- _The task_
The word "Import" occurs in some lines of the data. Return each such line.

■ ■ ■ ■ ■

(* Let $\Omega:S^1\to\mathbb{R}$ be of class $C^{m-1}(S^1)$ for some integer $m\ge2$, such that $\Omega'(\theta)+1>0$ for all $\theta$. Then there exist constants $\epsilon_0>0$ and $\mu>0$ such that whenever $0<\epsilon<\epsilon_0$, \[ \left|e^{-iE_m\Omega(r,\theta)}\right|\le r^{1-\mu}\quad\text{for all }\theta\text{ and }1\le r\le2^\epsilon, \qquad \left|e^{iE_m\Omega(r,\theta)}\right|\le r^{\mu-1}\quad\text{for all }\theta\text{ and }2^{-\epsilon}\le r\le1. \]
   Context: For a $C^{m-1}$ function $f$ on the circle, $E_mf(r,\theta)=\sum_{p=0}^{m-1}\frac{f^{(p)}(\theta)}{p!}(-i\log r)^p$ for $r>0$, $\theta\in S^1$. *)

From Stdlib Require Import Reals Arith.
From Coquelicot Require Import Coquelicot.
Open Scope R_scope.

Definition Cexp (z : C) : C :=
  (exp (Re z) * cos (Im z), exp (Re z) * sin (Im z)).

(* Functions on the circle S^1 = R / 2piZ are 2pi-periodic functions on R. *)
Definition circle_fun (f : R -> R) : Prop := forall x, f (x + 2 * PI) = f x.

Definition Ck (k : nat) (f : R -> R) : Prop :=
  (forall n, (n < k)%nat -> forall x, ex_derive (Derive_n f n) x) /\
  (forall n, (n <= k)%nat -> forall x, continuous (Derive_n f n) x).

Definition Em (m : nat) (f : R -> R) (r theta : R) : C :=
  sum_n (fun p => Cmult (RtoC (Derive_n f p theta / INR (Factorial.fact p)))
                        (Cpow (Cmult (Copp Ci) (RtoC (ln r))) p)) (m - 1).

From Stdlib Require Import Reals Lra Lia ZArith.
From Coquelicot Require Import Coquelicot.
Open Scope R_scope.

(* Write L = ln r.  In E_m Omega (r, theta) the p = 0 term is real and the p = 1 term
   is -i Omega'(theta) L, while for |L| <= 1 every term with p >= 2 is O(L^2) uniformly
   in theta, because the derivatives of the periodic C^(m-1) function Omega are bounded.
   Hence |e^(-i E_m Omega)| = e^(Im E_m Omega) = e^(-Omega'(theta) L + O(L^2)).  With
   delta = min (Omega' + 1) > 0 (attained by periodicity) and mu = delta / 2, the
   quadratic error is absorbed into delta L / 2 once |L| is small, which gives both
   bounds. *)

Section PeriodicFunction.

Variables (T : R) (g : R -> R).
Hypothesis T_gt0 : 0 < T.
Hypothesis g_periodic : forall x, g (x + T) = g x.

Lemma periodic_IZR (z : Z) (x : R) : g (x + T * IZR z) = g x.
Proof.
  revert x; induction z as [|z IH|z IH] using Z.peano_ind; intros x.
  - now rewrite Rmult_0_r, Rplus_0_r.
  - rewrite succ_IZR, <- (IH x), <- (g_periodic (x + T * IZR z)). f_equal. ring.
  - rewrite <- Z.sub_1_r, minus_IZR, <- (IH x), <- (g_periodic (x + T * (IZR z - 1))).
    f_equal. ring.
Qed.

Lemma periodic_reduce (x : R) : exists y, 0 <= y <= T /\ g x = g y.
Proof.
  destruct (base_Int_part (x / T)) as [Hlo Hhi].
  set (k := Int_part (x / T)) in *.
  exists (x - T * IZR k). split.
  - replace (x - T * IZR k) with (T * (x / T - IZR k)) by (field; lra). nra.
  - rewrite <- (periodic_IZR k (x - T * IZR k)). f_equal. ring.
Qed.

Hypothesis g_continuous : forall x, continuous g x.

Let g_continuity_pt (x : R) : continuity_pt g x.
Proof. apply continuity_pt_filterlim, g_continuous. Qed.

Lemma periodic_attains_min : exists x0, forall x, g x0 <= g x.
Proof.
  destruct (continuity_ab_min g 0 T) as [x0 [Hmin _]]; [lra | auto |].
  exists x0. intros x. destruct (periodic_reduce x) as [y [Hy ->]]. auto.
Qed.

Lemma periodic_attains_max : exists x1, forall x, g x <= g x1.
Proof.
  destruct (continuity_ab_maj g 0 T) as [x1 [Hmax _]]; [lra | auto |].
  exists x1. intros x. destruct (periodic_reduce x) as [y [Hy ->]]. auto.
Qed.

Lemma periodic_bounded : exists A, forall x, Rabs (g x) <= A.
Proof.
  destruct periodic_attains_min as [x0 Hx0], periodic_attains_max as [x1 Hx1].
  exists (Rmax (g x1) (- g x0)). intros x. apply Rabs_le_between_Rmax. auto.
Qed.

End PeriodicFunction.

Lemma Derive_n_periodic (T : R) (f : R -> R) :
  (forall x, f (x + T) = f x) -> forall n x, Derive_n f n (x + T) = Derive_n f n x.
Proof.
  intros Hf n x. rewrite <- Derive_n_comp_trans. apply Derive_n_ext. auto.
Qed.

Lemma uniform_bound_le (F : nat -> R -> R) (n : nat) :
  (forall p, (p <= n)%nat -> exists A, forall x, Rabs (F p x) <= A) ->
  exists A, forall p x, (p <= n)%nat -> Rabs (F p x) <= A.
Proof.
  induction n as [|n IH]; intros HF.
  - destruct (HF 0%nat (le_n 0)) as [A HA].
    exists A. intros p x Hp. replace p with 0%nat by lia. auto.
  - destruct IH as [A1 HA1]; [auto|].
    destruct (HF (S n) (le_n _)) as [A2 HA2].
    exists (Rmax A1 A2). intros p x Hp.
    destruct (Nat.eq_dec p (S n)) as [->|Hne].
    + eapply Rle_trans; [apply HA2 | apply Rmax_r].
    + eapply Rle_trans; [apply HA1; lia | apply Rmax_l].
Qed.

Lemma Ck_periodic_Derive_n_bounded (k : nat) (T : R) (f : R -> R) :
  0 < T -> (forall x, f (x + T) = f x) -> Ck k f ->
  exists A, forall p x, (p <= k)%nat -> Rabs (Derive_n f p x) <= A.
Proof.
  intros HT Hf [_ Hcont]. apply uniform_bound_le. intros p Hp.
  apply (periodic_bounded T); auto. now apply Derive_n_periodic.
Qed.

Lemma Cmod_Cexp (z : C) : Cmod (Cexp z) = exp (Re z).
Proof.
  unfold Cexp, Cmod; cbn [fst snd].
  replace ((exp (Re z) * cos (Im z)) ^ 2 + (exp (Re z) * sin (Im z)) ^ 2)
    with (exp (Re z) ^ 2 * ((sin (Im z))² + (cos (Im z))²)) by (unfold Rsqr; ring).
  rewrite sin2_cos2, Rmult_1_r. apply sqrt_pow2. left; apply exp_pos.
Qed.

Lemma Re_mul_negI (z : C) : Re (Cmult (Copp Ci) z) = Im z.
Proof. destruct z; unfold Cmult, Copp, Ci, Re, Im; simpl; ring. Qed.

Lemma Re_mul_I (z : C) : Re (Cmult Ci z) = - Im z.
Proof. destruct z; unfold Cmult, Ci, Re, Im; simpl; ring. Qed.

Lemma exp_le (x y : R) : x <= y -> exp x <= exp y.
Proof. intros [Hlt | ->]; [left; now apply exp_increasing | apply Rle_refl]. Qed.

Definition negI_poly (a : nat -> R) (n : nat) (t : R) : C :=
  sum_n (fun p => Cmult (RtoC (a p)) (Cpow (Cmult (Copp Ci) (RtoC t)) p)) n.

Lemma Rabs_Im_negI_monomial_le (c t : R) (p : nat) : Rabs t <= 1 ->
  Rabs (Im (Cmult (RtoC c) (Cpow (Cmult (Copp Ci) (RtoC t)) (S (S p))))) <= Rabs c * t ^ 2.
Proof.
  intros Ht.
  eapply Rle_trans; [eapply Rle_trans; [apply Rmax_r | apply Rmax_Cmod] |].
  rewrite Cmod_mult, Cmod_pow, Cmod_mult, Cmod_opp, Cmod_Ci, !Cmod_R, Rmult_1_l.
  replace (Rabs t ^ S (S p)) with (t ^ 2 * Rabs t ^ p) by (rewrite <- pow2_abs; simpl; ring).
  assert (Rabs t ^ p <= 1) by (rewrite <- (pow1 p); apply pow_incr; split; [apply Rabs_pos | exact Ht]).
  apply Rmult_le_compat_l; [apply Rabs_pos |].
  rewrite <- (Rmult_1_r (t ^ 2)) at 2. apply Rmult_le_compat_l; [apply pow2_ge_0 | assumption].
Qed.

Lemma Im_negI_poly_linear_approx (a : nat -> R) (A t : R) (n : nat) :
  Rabs t <= 1 -> (forall p, (2 <= p <= S n)%nat -> Rabs (a p) <= A) ->
  Rabs (Im (negI_poly a (S n) t) + a 1%nat * t) <= INR n * A * t ^ 2.
Proof.
  intros Ht Ha. induction n as [|n IH].
  - unfold negI_poly. rewrite sum_Sn, sum_O. simpl.
    replace (_ + _) with 0 by ring. rewrite Rabs_R0. lra.
  - unfold negI_poly in *. rewrite sum_Sn.
    specialize (IH (fun p Hp => Ha p ltac:(lia))).
    pose proof (Rabs_Im_negI_monomial_le (a (S (S n))) t n Ht) as Hterm.
    assert (Hcoef : Rabs (a (S (S n))) * t ^ 2 <= A * t ^ 2)
      by (apply Rmult_le_compat_r; [apply pow2_ge_0 | apply Ha; lia]).
    match goal with |- Rabs (Im (plus ?s ?u) + ?l) <= _ =>
      replace (Im (plus s u) + l) with ((Im s + l) + Im u) by (simpl; ring) end.
    eapply Rle_trans; [apply Rabs_triang |]. rewrite S_INR. lra.
Qed.

Lemma Rabs_div_fact_le (x : R) (p : nat) : Rabs (x / INR (fact p)) <= Rabs x.
Proof.
  assert (Hfact : 1 <= INR (fact p)) by (apply (le_INR 1); pose proof (lt_O_fact p); lia).
  unfold Rdiv. rewrite Rabs_mult, Rabs_inv, (Rabs_pos_eq (INR _)) by lra.
  rewrite <- (Rmult_1_r (Rabs x)) at 2. apply Rmult_le_compat_l; [apply Rabs_pos |].
  rewrite <- Rinv_1. apply Rinv_le_contravar; lra.
Qed.

Lemma Im_Em_linear_approx (m : nat) (f : R -> R) (A r theta : R) :
  (2 <= m)%nat -> Rabs (ln r) <= 1 ->
  (forall p, (p <= m - 1)%nat -> Rabs (Derive_n f p theta) <= A) ->
  Rabs (Im (Em m f r theta) + Derive f theta * ln r) <= INR (m - 2) * A * ln r ^ 2.
Proof.
  intros Hm Hr HA. destruct m as [|[|k]]; [lia | lia |].
  replace (S (S k) - 2)%nat with k by lia.
  change (Em (S (S k)) f r theta)
    with (negI_poly (fun p => Derive_n f p theta / INR (fact p)) (S k) (ln r)).
  replace (Derive f theta) with (Derive_n f 1 theta / INR (fact 1)) by (change (INR (fact 1)) with 1; unfold Rdiv; rewrite Rinv_1, Rmult_1_r; reflexivity).
  apply Im_negI_poly_linear_approx; [exact Hr |].
  intros p Hp. eapply Rle_trans; [apply Rabs_div_fact_le | apply HA; lia].
Qed.

Lemma linear_approx_exponent_bounds (I d L K delta : R) :
  delta <= d + 1 -> Rabs (I + d * L) <= K * L ^ 2 -> K * Rabs L <= delta / 2 ->
  (0 <= L -> I <= (1 - delta / 2) * L) /\ (L <= 0 -> - I <= (delta / 2 - 1) * L).
Proof.
  intros Hd Happrox HKL. apply Rabs_le_between in Happrox.
  split; intros HL.
  - rewrite Rabs_pos_eq in HKL by exact HL.
    assert (0 <= (delta / 2 - K * L) * L) by (apply Rmult_le_pos; lra).
    assert (0 <= (d + 1 - delta) * L) by (apply Rmult_le_pos; lra).
    nra.
  - rewrite Rabs_left1 in HKL by exact HL.
    assert (0 <= (delta / 2 + K * L) * - L) by (apply Rmult_le_pos; lra).
    assert (0 <= (d + 1 - delta) * - L) by (apply Rmult_le_pos; lra).
    nra.
Qed.

Lemma ln_2_le_1 : ln 2 <= 1.
Proof.
  rewrite <- (ln_exp 1). apply ln_le; [lra |].
  pose proof (exp_ineq1_le 1). lra.
Qed.

Lemma ln_bounds_above_one (eps r : R) :
  0 <= eps -> 1 <= r <= Rpower 2 eps -> 0 <= ln r <= eps.
Proof.
  intros Heps Hr. split.
  - rewrite <- ln_1. apply ln_le; lra.
  - eapply Rle_trans; [apply ln_le; [lra | apply Hr] |].
    rewrite ln_Rpower. pose proof ln_2_le_1. pose proof ln_lt_2. nra.
Qed.

Lemma ln_bounds_below_one (eps r : R) :
  0 <= eps -> Rpower 2 (- eps) <= r <= 1 -> - eps <= ln r <= 0.
Proof.
  intros Heps Hr. assert (Hpow : 0 < Rpower 2 (- eps)) by apply exp_pos. split.
  - eapply Rle_trans; [| apply ln_le; [exact Hpow | apply Hr]].
    rewrite ln_Rpower. pose proof ln_2_le_1. pose proof ln_lt_2. nra.
  - rewrite <- ln_1. apply ln_le; lra.
Qed.

Lemma exists_step_le (K c : R) : 0 <= K -> 0 < c -> exists e, 0 < e <= 1 /\ K * e <= c.
Proof.
  intros HK Hc. exists (Rmin 1 (c / (K + 1))). split.
  - split; [apply Rmin_pos; [lra | apply Rdiv_lt_0_compat; lra] | apply Rmin_l].
  - assert (Hmin : Rmin 1 (c / (K + 1)) <= c / (K + 1)) by apply Rmin_r.
    assert (0 < Rmin 1 (c / (K + 1))) by (apply Rmin_pos; [lra | apply Rdiv_lt_0_compat; lra]).
    apply Rle_trans with ((K + 1) * (c / (K + 1))); [nra | right; field; lra].
Qed.

Theorem lemma4p8 (m : nat) (Omega : R -> R) :
  (2 <= m)%nat ->
  circle_fun Omega ->
  Ck (m - 1) Omega ->
  (forall theta, Derive Omega theta + 1 > 0) ->
  exists eps0 mu : R, eps0 > 0 /\ mu > 0 /\
    forall eps, 0 < eps < eps0 ->
      (forall theta r, 1 <= r <= Rpower 2 eps ->
         Cmod (Cexp (Cmult (Copp Ci) (Em m Omega r theta))) <= Rpower r (1 - mu)) /\
      (forall theta r, Rpower 2 (- eps) <= r <= 1 ->
         Cmod (Cexp (Cmult Ci (Em m Omega r theta))) <= Rpower r (mu - 1)).
Proof.
  intros Hm Hper HCk Hslope.
  assert (HT : 0 < 2 * PI) by (pose proof PI_RGT_0; lra).
  destruct (Ck_periodic_Derive_n_bounded _ _ _ HT Hper HCk) as [A HA].
  assert (HA0 : 0 <= A) by (eapply Rle_trans; [apply Rabs_pos | apply (HA 0%nat 0); lia]).
  destruct (periodic_attains_min (2 * PI) (Derive Omega) HT (Derive_n_periodic _ _ Hper 1))
    as [x0 Hx0]; [apply (proj2 HCk 1%nat); lia |].
  set (delta := Derive Omega x0 + 1).
  assert (Hdelta : 0 < delta) by apply Hslope.
  set (K := INR (m - 2) * A).
  destruct (exists_step_le K (delta / 2)) as [eps0 [Heps0 HKeps0]];
    [apply Rmult_le_pos; [apply pos_INR | exact HA0] | lra |].
  exists eps0, (delta / 2). split; [lra |]. split; [lra |].
  intros eps Heps.
  assert (Hexponent : forall theta r, Rabs (ln r) <= eps ->
    (0 <= ln r -> Im (Em m Omega r theta) <= (1 - delta / 2) * ln r) /\
    (ln r <= 0 -> - Im (Em m Omega r theta) <= (delta / 2 - 1) * ln r)).
  { intros theta r Hr. apply (linear_approx_exponent_bounds _ (Derive Omega theta) _ K).
    - specialize (Hx0 theta). unfold delta. lra.
    - apply Im_Em_linear_approx; [exact Hm | lra | intros p Hp; now apply HA].
    - pose proof (Rabs_pos (ln r)). nra. }
  split; intros theta r Hr; unfold Rpower; rewrite Cmod_Cexp; apply exp_le.
  - rewrite Re_mul_negI. apply ln_bounds_above_one in Hr; [| lra].
    apply Hexponent; [rewrite Rabs_pos_eq |]; lra.
  - rewrite Re_mul_I. apply ln_bounds_below_one in Hr; [| lra].
    apply Hexponent; [rewrite Rabs_left1 |]; lra.
Qed.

■ ■ ■ ■ ■

- _Written response_
From Stdlib Require Import Reals Arith.
From Coquelicot Require Import Coquelicot.
From Stdlib Require Import Reals Lra Lia ZArith.
From Coquelicot Require Import Coquelicot.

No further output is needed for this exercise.